[PROBLEM TO SOLVE] The stretch wanted below opens at the line containing "rewrite mulr_gt0 //=." and closes at the line containing "End inverse_staircase.". Please return it exactly, with no other lines.

[MATERIAL FOR THIS EXERCISE]
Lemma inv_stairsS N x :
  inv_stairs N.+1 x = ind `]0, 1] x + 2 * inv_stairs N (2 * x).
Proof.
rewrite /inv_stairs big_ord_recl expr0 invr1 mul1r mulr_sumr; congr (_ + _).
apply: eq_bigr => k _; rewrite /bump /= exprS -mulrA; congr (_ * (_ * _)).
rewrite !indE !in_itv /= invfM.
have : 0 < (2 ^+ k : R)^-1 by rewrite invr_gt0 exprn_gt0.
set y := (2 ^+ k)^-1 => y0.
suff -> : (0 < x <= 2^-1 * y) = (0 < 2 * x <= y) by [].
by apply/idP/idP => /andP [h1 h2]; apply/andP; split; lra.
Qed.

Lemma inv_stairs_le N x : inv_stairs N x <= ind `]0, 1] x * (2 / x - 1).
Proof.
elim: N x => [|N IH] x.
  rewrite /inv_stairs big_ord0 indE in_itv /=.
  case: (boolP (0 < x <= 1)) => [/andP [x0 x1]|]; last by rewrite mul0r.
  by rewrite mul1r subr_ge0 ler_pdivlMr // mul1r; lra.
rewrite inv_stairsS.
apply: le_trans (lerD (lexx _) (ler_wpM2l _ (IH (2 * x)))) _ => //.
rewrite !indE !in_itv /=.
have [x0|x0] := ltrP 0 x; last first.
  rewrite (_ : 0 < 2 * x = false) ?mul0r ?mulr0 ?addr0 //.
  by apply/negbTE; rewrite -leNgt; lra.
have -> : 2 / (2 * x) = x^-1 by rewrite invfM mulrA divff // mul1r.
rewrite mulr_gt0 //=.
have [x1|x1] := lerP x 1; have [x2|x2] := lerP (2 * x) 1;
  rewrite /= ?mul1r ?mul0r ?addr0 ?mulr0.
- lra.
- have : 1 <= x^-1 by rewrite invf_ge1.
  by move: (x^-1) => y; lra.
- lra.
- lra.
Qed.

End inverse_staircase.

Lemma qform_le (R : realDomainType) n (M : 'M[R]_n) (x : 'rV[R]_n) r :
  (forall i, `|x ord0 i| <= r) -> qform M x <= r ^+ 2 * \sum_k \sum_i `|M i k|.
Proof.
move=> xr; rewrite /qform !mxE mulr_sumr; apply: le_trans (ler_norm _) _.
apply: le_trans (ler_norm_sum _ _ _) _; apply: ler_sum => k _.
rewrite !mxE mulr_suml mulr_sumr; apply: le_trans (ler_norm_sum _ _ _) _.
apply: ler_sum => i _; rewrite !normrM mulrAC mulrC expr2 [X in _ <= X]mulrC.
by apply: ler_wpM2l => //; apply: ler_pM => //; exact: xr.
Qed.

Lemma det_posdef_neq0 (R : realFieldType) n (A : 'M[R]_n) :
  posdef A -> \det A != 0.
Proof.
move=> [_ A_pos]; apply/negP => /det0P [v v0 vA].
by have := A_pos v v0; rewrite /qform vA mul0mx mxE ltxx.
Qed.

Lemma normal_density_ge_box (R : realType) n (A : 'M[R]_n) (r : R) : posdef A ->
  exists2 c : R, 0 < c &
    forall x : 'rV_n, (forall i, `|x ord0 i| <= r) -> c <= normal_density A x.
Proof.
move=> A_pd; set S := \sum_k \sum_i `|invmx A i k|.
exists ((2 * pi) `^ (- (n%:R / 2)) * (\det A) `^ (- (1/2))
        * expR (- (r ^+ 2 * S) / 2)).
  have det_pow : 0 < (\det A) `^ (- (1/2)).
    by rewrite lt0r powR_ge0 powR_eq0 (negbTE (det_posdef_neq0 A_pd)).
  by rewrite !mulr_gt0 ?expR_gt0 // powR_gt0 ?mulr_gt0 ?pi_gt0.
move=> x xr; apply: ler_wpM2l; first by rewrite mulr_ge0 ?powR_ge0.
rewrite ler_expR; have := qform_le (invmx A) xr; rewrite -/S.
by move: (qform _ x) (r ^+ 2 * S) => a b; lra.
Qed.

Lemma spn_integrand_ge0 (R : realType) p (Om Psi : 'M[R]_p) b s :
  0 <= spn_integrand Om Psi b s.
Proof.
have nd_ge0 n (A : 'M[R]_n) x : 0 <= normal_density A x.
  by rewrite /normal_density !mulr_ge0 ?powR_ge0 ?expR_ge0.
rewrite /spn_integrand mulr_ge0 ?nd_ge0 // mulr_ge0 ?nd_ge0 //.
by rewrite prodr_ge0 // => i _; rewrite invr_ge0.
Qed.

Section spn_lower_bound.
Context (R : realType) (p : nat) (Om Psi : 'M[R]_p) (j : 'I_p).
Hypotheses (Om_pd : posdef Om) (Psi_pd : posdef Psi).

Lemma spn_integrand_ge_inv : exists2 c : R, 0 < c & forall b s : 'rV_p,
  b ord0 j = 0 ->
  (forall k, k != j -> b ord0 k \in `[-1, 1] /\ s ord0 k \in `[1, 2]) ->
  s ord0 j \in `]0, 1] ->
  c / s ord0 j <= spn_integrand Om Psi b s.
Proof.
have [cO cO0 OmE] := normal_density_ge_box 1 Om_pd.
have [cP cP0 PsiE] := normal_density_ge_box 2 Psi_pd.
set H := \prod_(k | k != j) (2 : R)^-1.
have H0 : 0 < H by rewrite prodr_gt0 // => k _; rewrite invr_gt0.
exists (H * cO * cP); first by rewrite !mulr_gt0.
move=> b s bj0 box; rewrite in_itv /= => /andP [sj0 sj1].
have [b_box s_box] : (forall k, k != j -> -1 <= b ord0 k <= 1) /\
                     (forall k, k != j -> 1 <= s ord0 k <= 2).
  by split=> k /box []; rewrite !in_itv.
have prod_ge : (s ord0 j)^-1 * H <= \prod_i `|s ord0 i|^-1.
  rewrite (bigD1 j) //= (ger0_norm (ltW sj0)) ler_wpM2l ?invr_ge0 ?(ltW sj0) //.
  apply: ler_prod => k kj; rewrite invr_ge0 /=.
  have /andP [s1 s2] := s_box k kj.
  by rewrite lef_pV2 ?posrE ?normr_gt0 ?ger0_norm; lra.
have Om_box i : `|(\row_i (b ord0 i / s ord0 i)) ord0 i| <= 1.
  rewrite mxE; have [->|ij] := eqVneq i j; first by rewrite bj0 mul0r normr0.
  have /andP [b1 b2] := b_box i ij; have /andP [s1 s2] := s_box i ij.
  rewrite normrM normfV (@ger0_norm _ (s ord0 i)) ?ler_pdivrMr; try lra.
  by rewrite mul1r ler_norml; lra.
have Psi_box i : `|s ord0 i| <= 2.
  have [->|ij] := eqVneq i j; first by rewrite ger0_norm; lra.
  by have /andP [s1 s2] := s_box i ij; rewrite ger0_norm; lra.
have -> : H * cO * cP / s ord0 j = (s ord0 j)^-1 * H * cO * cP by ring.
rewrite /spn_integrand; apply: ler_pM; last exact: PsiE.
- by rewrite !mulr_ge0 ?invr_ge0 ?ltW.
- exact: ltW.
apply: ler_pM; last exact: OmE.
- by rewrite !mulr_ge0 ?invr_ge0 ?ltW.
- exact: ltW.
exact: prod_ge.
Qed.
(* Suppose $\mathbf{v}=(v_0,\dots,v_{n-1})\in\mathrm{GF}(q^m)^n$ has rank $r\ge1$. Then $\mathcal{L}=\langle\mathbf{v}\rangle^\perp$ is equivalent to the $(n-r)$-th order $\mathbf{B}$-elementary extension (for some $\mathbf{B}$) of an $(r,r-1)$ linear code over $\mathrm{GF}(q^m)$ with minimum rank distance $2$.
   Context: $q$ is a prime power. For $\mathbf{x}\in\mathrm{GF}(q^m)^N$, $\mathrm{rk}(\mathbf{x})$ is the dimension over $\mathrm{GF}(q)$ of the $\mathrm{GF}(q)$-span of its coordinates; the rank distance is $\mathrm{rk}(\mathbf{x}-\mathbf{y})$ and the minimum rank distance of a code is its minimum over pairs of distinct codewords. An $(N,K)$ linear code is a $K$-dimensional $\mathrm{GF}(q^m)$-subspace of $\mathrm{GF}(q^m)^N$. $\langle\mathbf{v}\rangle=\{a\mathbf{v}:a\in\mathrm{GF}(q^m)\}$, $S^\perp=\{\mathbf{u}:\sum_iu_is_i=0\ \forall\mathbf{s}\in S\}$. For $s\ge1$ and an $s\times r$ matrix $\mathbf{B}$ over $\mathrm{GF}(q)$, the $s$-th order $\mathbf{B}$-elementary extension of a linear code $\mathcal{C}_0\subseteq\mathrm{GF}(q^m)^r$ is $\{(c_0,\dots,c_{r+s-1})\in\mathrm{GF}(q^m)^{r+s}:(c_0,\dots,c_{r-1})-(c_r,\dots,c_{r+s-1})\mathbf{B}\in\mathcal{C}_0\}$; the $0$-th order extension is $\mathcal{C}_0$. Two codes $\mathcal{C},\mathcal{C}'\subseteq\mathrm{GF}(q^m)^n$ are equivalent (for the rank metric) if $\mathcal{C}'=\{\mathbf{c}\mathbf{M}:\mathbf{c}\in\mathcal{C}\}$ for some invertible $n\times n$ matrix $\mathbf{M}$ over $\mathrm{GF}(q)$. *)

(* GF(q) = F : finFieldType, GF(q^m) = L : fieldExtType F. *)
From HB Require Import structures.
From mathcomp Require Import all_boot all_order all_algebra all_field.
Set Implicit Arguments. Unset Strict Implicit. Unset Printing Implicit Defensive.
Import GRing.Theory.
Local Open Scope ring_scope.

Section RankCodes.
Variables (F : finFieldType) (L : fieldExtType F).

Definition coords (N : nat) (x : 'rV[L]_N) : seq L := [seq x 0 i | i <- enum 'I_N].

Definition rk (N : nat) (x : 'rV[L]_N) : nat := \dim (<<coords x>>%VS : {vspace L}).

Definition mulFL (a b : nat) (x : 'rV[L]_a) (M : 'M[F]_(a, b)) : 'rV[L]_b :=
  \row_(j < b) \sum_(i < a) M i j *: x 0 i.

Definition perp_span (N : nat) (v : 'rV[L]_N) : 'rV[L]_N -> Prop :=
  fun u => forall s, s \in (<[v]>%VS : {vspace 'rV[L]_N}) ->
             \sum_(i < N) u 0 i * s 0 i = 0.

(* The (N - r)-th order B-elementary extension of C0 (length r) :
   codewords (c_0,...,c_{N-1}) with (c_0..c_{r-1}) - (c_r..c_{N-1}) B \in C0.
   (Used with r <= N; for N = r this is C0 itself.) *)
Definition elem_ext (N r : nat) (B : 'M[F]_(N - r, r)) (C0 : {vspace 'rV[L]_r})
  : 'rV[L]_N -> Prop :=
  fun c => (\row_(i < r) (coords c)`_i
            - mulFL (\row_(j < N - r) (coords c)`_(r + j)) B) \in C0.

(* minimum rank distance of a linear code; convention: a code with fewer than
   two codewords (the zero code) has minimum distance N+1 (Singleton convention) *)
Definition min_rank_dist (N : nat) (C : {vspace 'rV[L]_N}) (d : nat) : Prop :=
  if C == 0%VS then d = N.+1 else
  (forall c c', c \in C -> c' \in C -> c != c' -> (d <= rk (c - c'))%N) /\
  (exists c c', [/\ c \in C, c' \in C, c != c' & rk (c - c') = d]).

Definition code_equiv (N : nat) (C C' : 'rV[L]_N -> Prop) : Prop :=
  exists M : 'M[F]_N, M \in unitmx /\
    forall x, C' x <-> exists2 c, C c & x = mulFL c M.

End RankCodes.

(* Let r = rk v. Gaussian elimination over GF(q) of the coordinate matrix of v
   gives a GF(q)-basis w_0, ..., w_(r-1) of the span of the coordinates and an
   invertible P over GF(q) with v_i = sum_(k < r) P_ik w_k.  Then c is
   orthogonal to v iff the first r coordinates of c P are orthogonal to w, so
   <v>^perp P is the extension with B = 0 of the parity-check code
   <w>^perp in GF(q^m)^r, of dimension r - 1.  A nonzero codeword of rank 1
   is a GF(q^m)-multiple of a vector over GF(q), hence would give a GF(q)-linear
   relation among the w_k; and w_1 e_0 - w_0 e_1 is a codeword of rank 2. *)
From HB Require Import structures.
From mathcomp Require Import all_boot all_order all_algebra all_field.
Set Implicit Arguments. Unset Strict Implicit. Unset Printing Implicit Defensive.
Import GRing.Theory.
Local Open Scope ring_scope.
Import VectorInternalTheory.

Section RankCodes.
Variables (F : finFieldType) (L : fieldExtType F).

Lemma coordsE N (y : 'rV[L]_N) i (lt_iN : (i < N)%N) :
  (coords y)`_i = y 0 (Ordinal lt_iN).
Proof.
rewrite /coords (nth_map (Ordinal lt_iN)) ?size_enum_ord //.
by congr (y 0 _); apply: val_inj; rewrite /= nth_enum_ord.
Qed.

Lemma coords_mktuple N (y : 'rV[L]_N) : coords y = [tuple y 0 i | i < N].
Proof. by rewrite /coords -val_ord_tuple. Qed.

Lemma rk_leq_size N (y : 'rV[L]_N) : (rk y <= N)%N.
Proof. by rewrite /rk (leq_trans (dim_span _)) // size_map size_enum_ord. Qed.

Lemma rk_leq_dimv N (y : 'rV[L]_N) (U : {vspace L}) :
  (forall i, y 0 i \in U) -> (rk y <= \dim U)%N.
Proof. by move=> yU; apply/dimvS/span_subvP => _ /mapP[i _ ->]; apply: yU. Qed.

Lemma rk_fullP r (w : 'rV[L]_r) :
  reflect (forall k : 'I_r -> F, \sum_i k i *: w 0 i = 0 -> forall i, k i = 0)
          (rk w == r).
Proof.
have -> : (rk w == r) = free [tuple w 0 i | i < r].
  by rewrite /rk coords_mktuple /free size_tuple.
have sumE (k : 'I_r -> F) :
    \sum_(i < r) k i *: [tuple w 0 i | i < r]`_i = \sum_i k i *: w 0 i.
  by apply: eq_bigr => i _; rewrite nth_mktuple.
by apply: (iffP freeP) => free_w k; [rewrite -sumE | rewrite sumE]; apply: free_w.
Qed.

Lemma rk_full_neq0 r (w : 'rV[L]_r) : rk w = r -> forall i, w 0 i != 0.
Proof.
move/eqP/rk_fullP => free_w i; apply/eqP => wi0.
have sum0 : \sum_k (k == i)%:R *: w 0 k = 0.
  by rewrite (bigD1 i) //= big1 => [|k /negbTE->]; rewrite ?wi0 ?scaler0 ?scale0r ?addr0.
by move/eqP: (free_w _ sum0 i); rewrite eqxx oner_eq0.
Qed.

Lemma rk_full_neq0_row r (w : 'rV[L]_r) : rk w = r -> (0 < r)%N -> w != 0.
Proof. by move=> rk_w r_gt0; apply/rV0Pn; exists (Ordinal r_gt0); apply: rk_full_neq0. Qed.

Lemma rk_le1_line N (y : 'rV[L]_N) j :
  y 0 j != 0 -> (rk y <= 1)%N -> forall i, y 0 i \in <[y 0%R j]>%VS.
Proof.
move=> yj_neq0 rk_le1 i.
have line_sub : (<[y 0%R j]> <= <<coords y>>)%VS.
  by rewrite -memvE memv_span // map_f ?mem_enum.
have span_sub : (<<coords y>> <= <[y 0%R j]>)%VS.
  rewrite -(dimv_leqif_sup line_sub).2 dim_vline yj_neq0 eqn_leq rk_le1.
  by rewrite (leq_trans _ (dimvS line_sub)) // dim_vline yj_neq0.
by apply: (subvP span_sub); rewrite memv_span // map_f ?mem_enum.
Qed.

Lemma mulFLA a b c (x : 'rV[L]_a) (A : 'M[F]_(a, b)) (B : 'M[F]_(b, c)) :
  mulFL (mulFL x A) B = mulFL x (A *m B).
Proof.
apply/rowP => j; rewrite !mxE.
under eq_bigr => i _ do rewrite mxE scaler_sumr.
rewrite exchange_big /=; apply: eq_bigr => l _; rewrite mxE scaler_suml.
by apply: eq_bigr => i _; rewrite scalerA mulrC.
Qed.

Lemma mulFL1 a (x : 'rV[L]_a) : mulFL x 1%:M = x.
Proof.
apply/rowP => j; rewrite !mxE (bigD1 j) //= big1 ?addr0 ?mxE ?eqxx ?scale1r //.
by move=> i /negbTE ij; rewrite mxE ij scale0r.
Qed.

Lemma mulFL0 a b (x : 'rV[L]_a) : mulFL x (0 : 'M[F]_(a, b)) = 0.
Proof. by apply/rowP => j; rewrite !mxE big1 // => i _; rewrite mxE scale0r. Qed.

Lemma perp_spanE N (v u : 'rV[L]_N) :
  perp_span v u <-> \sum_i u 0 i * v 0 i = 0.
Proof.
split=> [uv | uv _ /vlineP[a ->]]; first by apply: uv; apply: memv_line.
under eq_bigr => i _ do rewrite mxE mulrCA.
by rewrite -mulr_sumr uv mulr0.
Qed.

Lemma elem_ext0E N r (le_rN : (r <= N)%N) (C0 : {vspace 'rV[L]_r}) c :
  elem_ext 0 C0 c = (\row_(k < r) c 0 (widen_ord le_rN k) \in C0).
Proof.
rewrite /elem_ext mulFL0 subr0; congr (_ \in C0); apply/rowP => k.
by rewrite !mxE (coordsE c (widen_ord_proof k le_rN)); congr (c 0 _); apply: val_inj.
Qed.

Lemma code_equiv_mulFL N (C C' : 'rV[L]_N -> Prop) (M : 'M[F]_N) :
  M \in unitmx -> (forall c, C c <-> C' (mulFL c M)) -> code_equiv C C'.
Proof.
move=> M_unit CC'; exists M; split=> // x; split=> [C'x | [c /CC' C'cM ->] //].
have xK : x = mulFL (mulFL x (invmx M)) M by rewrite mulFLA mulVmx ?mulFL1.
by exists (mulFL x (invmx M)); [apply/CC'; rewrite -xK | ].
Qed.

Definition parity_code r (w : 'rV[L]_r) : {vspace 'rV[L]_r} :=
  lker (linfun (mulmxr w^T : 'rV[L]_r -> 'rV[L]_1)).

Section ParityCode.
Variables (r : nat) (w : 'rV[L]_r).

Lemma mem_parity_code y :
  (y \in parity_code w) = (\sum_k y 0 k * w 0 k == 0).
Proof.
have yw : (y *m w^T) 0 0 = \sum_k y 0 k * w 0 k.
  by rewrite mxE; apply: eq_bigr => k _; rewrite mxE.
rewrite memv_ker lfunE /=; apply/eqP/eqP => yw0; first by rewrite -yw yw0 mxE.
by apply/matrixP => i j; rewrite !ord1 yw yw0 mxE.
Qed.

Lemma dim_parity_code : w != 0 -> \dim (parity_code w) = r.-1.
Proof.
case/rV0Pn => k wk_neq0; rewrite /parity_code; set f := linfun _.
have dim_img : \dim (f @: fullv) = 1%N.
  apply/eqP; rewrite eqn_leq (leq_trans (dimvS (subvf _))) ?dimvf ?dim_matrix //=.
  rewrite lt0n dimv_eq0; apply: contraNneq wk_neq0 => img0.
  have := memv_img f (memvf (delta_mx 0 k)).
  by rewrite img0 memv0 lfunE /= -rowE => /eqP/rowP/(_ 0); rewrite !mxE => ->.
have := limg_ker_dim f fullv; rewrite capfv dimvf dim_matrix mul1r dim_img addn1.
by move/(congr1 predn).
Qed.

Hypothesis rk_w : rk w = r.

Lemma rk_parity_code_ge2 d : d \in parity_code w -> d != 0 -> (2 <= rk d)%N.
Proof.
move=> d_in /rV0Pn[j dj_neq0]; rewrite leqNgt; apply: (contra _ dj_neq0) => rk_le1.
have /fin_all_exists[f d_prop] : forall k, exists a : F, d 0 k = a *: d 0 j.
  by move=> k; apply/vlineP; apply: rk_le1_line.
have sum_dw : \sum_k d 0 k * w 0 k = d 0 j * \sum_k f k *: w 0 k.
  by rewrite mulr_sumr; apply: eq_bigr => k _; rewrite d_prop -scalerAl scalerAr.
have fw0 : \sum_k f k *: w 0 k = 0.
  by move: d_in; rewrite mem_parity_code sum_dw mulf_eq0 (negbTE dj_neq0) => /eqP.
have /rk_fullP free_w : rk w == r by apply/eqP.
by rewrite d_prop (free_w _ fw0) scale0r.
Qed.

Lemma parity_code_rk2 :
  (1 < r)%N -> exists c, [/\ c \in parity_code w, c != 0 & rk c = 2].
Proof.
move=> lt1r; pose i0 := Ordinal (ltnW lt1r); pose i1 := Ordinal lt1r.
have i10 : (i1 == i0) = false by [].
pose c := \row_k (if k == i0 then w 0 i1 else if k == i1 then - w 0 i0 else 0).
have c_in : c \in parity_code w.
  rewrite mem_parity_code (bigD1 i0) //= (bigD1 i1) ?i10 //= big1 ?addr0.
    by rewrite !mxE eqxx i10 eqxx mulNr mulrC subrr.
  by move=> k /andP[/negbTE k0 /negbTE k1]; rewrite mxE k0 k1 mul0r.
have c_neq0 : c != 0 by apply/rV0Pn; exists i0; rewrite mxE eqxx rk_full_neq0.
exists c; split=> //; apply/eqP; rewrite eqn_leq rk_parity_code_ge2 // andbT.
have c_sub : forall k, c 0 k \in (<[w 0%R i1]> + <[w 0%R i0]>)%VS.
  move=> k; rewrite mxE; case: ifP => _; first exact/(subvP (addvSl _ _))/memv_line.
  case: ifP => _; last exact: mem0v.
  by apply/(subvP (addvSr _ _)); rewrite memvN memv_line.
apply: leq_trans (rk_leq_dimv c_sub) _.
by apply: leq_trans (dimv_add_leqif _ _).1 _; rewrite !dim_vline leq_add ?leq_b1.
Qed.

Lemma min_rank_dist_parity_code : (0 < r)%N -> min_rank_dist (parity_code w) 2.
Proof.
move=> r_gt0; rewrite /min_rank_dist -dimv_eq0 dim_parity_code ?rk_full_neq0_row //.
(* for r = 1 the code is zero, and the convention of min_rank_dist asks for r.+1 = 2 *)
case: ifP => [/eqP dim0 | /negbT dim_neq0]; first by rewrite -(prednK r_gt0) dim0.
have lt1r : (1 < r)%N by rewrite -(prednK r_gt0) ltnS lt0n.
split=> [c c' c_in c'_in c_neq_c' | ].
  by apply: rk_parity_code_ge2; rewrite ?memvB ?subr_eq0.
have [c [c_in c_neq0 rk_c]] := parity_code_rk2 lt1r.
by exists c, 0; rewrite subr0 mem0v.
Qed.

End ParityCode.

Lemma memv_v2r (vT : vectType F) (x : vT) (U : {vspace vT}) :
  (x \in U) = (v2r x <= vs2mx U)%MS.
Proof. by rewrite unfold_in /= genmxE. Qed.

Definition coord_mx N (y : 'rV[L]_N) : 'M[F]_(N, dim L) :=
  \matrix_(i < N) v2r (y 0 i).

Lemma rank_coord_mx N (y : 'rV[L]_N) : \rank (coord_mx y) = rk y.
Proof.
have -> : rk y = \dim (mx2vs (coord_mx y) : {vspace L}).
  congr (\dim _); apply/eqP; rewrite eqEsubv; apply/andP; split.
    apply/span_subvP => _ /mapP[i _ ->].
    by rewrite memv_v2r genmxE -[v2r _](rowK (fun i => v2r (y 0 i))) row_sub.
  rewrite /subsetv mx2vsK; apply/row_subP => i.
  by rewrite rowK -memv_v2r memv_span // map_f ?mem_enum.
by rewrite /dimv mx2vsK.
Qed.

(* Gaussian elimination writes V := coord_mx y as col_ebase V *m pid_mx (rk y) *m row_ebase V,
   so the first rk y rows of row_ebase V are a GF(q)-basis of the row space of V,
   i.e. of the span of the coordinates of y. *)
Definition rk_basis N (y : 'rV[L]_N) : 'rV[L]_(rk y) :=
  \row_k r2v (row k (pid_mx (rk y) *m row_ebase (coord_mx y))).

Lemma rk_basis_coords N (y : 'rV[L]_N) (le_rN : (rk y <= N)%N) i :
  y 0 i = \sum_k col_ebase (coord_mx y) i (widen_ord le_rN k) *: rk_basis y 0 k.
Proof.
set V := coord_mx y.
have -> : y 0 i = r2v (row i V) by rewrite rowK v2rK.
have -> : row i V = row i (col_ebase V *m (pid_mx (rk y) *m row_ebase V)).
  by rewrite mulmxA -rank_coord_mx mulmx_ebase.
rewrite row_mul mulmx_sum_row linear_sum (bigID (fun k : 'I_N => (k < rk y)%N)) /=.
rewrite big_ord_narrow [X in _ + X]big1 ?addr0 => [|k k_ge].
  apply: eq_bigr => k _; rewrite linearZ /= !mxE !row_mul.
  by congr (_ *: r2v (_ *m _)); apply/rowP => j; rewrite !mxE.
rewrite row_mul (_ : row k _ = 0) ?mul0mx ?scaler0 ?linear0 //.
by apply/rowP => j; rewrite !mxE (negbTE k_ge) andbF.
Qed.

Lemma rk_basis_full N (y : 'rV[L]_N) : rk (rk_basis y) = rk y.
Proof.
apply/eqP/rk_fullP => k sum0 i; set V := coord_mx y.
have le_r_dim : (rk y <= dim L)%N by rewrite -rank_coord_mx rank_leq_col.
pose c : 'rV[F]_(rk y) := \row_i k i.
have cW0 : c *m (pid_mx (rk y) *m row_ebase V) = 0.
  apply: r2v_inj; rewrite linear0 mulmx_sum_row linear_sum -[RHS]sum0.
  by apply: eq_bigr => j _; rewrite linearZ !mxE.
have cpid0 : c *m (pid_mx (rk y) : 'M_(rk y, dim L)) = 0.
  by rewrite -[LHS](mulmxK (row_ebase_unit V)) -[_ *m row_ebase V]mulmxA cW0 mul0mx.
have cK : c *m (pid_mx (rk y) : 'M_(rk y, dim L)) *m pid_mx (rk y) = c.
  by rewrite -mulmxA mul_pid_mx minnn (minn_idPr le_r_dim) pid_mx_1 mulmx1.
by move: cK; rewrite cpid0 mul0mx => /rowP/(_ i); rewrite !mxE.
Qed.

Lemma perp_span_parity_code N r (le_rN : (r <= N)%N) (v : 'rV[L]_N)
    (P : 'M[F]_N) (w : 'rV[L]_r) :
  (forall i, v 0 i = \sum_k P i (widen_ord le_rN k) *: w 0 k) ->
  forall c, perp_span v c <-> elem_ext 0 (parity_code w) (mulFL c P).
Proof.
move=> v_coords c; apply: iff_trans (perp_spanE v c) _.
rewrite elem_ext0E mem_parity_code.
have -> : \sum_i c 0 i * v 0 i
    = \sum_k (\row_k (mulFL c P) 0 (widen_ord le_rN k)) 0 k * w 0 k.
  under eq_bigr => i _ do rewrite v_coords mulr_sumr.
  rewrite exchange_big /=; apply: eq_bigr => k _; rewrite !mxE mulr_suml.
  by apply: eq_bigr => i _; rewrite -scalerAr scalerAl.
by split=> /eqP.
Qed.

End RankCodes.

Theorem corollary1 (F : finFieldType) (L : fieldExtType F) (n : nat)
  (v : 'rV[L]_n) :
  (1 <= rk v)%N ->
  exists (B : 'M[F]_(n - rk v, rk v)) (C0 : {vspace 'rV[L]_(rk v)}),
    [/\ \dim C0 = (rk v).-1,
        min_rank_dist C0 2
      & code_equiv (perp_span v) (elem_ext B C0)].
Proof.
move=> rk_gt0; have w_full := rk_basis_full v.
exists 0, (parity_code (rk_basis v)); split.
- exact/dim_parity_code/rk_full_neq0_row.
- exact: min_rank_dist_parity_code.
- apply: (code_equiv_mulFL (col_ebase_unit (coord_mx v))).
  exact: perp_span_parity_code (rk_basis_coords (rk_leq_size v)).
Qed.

[RESPONSE]
rewrite mulr_gt0 //=.
have [x1|x1] := lerP x 1; have [x2|x2] := lerP (2 * x) 1;
  rewrite /= ?mul1r ?mul0r ?addr0 ?mulr0.
- lra.
- have : 1 <= x^-1 by rewrite invf_ge1.
  by move: (x^-1) => y; lra.
- lra.
- lra.
Qed.

End inverse_staircase.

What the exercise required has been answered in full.